64-bit Linux, Intel Core i5 2500K:

                                      3.2           3.3             patched

utf-8 'A'*10000 2550 (+198%) 6828 (+11%) 7607
utf-8 'A'*9999+'\x80' 2501 (+118%) 2415 (+126%) 5456
utf-8 'A'*9999+'\u0100' 2501 (-20%) 2297 (-13%) 1996
utf-8 'A'*9999+'\u8000' 2494 (-14%) 2291 (-7%) 2133
utf-8 'A'*9999+'\U00010000' 2494 (-11%) 2293 (-3%) 2219
utf-8 '\x80'*10000 422 (+135%) 517 (+92%) 991
utf-8 '\x80'+'A'*9999 2513 (+12%) 860 (+228%) 2820
utf-8 '\x80'*9999+'\u0100' 426 (+102%) 525 (+64%) 862
utf-8 '\x80'*9999+'\u8000' 426 (+104%) 538 (+62%) 871
utf-8 '\x80'*9999+'\U00010000' 428 (+105%) 523 (+68%) 878
utf-8 '\u0100'*10000 425 (+140%) 517 (+97%) 1019
utf-8 '\u0100'+'A'*9999 2488 (+2%) 820 (+211%) 2549
utf-8 '\u0100'+'\x80'*9999 426 (+139%) 517 (+97%) 1019
utf-8 '\u0100'*9999+'\u8000' 426 (+139%) 529 (+93%) 1019
utf-8 '\u0100'*9999+'\U00010000' 426 (+106%) 509 (+72%) 876
utf-8 '\u8000'*10000 573 (+28%) 490 (+50%) 733
utf-8 '\u8000'+'A'*9999 2500 (+1%) 822 (+208%) 2528
utf-8 '\u8000'+'\x80'*9999 426 (+139%) 530 (+92%) 1018
utf-8 '\u8000'+'\u0100'*9999 428 (+138%) 509 (+100%) 1018
utf-8 '\u8000'*9999+'\U00010000' 573 (+17%) 447 (+51%) 673
utf-8 '\U00010000'*10000 562 (+24%) 552 (+26%) 696
utf-8 '\U00010000'+'A'*9999 2512 (+3%) 939 (+175%) 2584
utf-8 '\U00010000'+'\x80'*9999 423 (+140%) 553 (+84%) 1017
utf-8 '\U00010000'+'\u0100'*9999 426 (+139%) 549 (+85%) 1017
utf-8 '\U00010000'+'\u8000'*9999 572 (+18%) 479 (+41%) 674

serhiy-storchaka · 2012-05-06T21:48:11Z

Thank your, Antoine. Finally Intel Core is defeated!

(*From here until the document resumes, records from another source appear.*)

(* Let $A$ be a Lie conformal algebra and $M$ an $A$-module with a commutative associative product such that $\partial^M$ and all $a_\lambda$ act by derivations. For every $\xi\in\tilde\Gamma_1(A,M)$, the contraction $\iota_\xi$ is an odd derivation of degree $-1$ of the superalgebra $(\tilde\Gamma^\bullet(A,M),\wedge)$: $\iota_\xi(\tilde\alpha\wedge\tilde\beta)=\iota_\xi(\tilde\alpha)\wedge\tilde\beta+(-1)^h\tilde\alpha\wedge\iota_\xi(\tilde\beta)$ for $\tilde\alpha\in\tilde\Gamma^h$, $\tilde\beta\in\tilde\Gamma^k$.
   Context: $\mathbb F$ field of characteristic 0. $\tilde\Gamma^k$: $\mathbb F$-linear $\tilde\gamma:A^{\otimes k}\to\mathbb F[\lambda_1..\lambda_k]\otimes M$ with $\tilde\gamma(..,\partial a_i,..)=-\lambda_i\tilde\gamma(..)$ and skew-symmetric under simultaneous permutation of $a_i$ and $\lambda_i$ ($\tilde\Gamma^0=M$). Exterior product: $(\tilde\alpha\wedge\tilde\beta)_{\lambda_1..\lambda_{h+k}}(a_1..a_{h+k})=\sum_{\sigma\in S_{h+k}}\frac{\mathrm{sign}\sigma}{h!k!}\tilde\alpha_{\lambda_{\sigma(1)}..\lambda_{\sigma(h)}}(a_{\sigma(1)}..a_{\sigma(h)})\tilde\beta_{\lambda_{\sigma(h+1)}..\lambda_{\sigma(h+k)}}(a_{\sigma(h+1)}..a_{\sigma(h+k)})$. $\tilde\Gamma_1$: quotient of $A\otimes\mathrm{Hom}_{\mathbb F}(\mathbb F[\lambda],M)$ by $\partial a\otimes\phi=-a\otimes\lambda^*\phi$, $(\lambda^*\phi)(f)=\phi(\lambda f)$. For $\xi$ represented by $a_1\otimes\phi$: $(\iota_\xi\tilde\gamma)_{\lambda_2..\lambda_k}(a_2..a_k)=\phi^\mu(\tilde\gamma_{\lambda_1,..,\lambda_k}(a_1,..,a_k))$, where $\phi^\mu(f(\lambda_1)\otimes m)=\phi(f)m$ coefficientwise in $\lambda_2,..,\lambda_k$; $\iota_\xi=0$ on $\tilde\Gamma^0$. *)

From HB Require Import structures.
From mathcomp Require Import all_boot all_order all_algebra all_fingroup.
From mathcomp Require Import finmap.
From mathcomp.multinomials Require Import monalg.

Set Implicit Arguments.
Unset Strict Implicit.
Unset Printing Implicit Defensive.

Import GRing.Theory.
Local Open Scope ring_scope.

(* Conventions.
   * For an F-vector space V, F[lambda] (x) V is {malg V[nat]}: the
     coefficient of lambda^n is p@_n.
   * F[lambda_1..lambda_k] (x) V is {malg V[{ffun 'I_k -> nat}]}: the key
     e : 'I_k -> nat is the exponent vector of the monomial
     lambda_1^(e 0) ... lambda_k^(e (k-1)).
   * A^k is {ffun 'I_k -> A}; a map A^{(x) k} -> ... is F-linear iff the
     corresponding function on k-tuples is F-linear in each slot. *)

Section Defs.
Variables (F : fieldType) (A M : lmodType F).

(* br a b = [a_lambda b] in F[lambda] (x) A; dA = partial *)
Definition is_LCA (dA : {linear A -> A}) (br : A -> A -> {malg A[nat]}) :=
  (
   (forall c a a' b n, (br (c *: a + a') b)@_n = c *: (br a b)@_n + (br a' b)@_n) /\
   (forall c a b b' n, (br a (c *: b + b'))@_n = c *: (br a b)@_n + (br a b')@_n)) /\
  [/\ (* [d a _lambda b] = - lambda [a_lambda b] *)
      (forall a b n, (br (dA a) b)@_n = if n is n'.+1 then - (br a b)@_n' else 0),
      (* [a_lambda d b] = (d + lambda) [a_lambda b] *)
      (forall a b n, (br a (dA b))@_n =
                     dA ((br a b)@_n) + (if n is n'.+1 then (br a b)@_n' else 0)),
      (* skew-symmetry  [b_lambda a] = - [a_{-lambda-d} b] *)
      (forall a b n, (br b a)@_n =
          - \sum_(m <- msupp (br a b))
              (((-1) ^+ m * ('C(m, n))%:R) *: iter (m - n) dA ((br a b)@_m))) &
      (* Jacobi [a_l [b_m c]] = [[a_l b]_{l+m} c] + [b_m [a_l c]],
         coefficient of lambda^p mu^q *)
      (forall a b c p q, (br a ((br b c)@_q))@_p =
          \sum_(i < p.+1) (br ((br a b)@_(p - i)) c)@_(q + i) *+ 'C(q + i, i)
          + (br b ((br a c)@_p))@_q)].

If someone wants to repeat tests, see benchmark tools in bpo-14624.

serhiy-storchaka · 2012-05-06T22:11:07Z

The patch updated in accordance with Antoine cosmetic comments.

pitrou · 2012-05-09T16:50:51Z

There's a Mac-specific portion in the patch, it would be nice if someone could check that it works.

serhiy-storchaka · 2012-05-09T18:05:09Z

It would be good if someone checked on Macs work with command line arguments, including non-valid utf8. The difficulty is that you need to check on both Macs with 16-bit and with 32-bit wchar_t.

serhiy-storchaka · 2012-05-09T18:32:10Z

bpo-4388 is related to this Mac-specific portion of the patch.

pitrou · 2012-05-09T18:41:16Z

It would be good if someone checked on Macs work with command line
arguments, including non-valid utf8. The difficulty is that you need
to check on both Macs with 16-bit and with 32-bit wchar_t.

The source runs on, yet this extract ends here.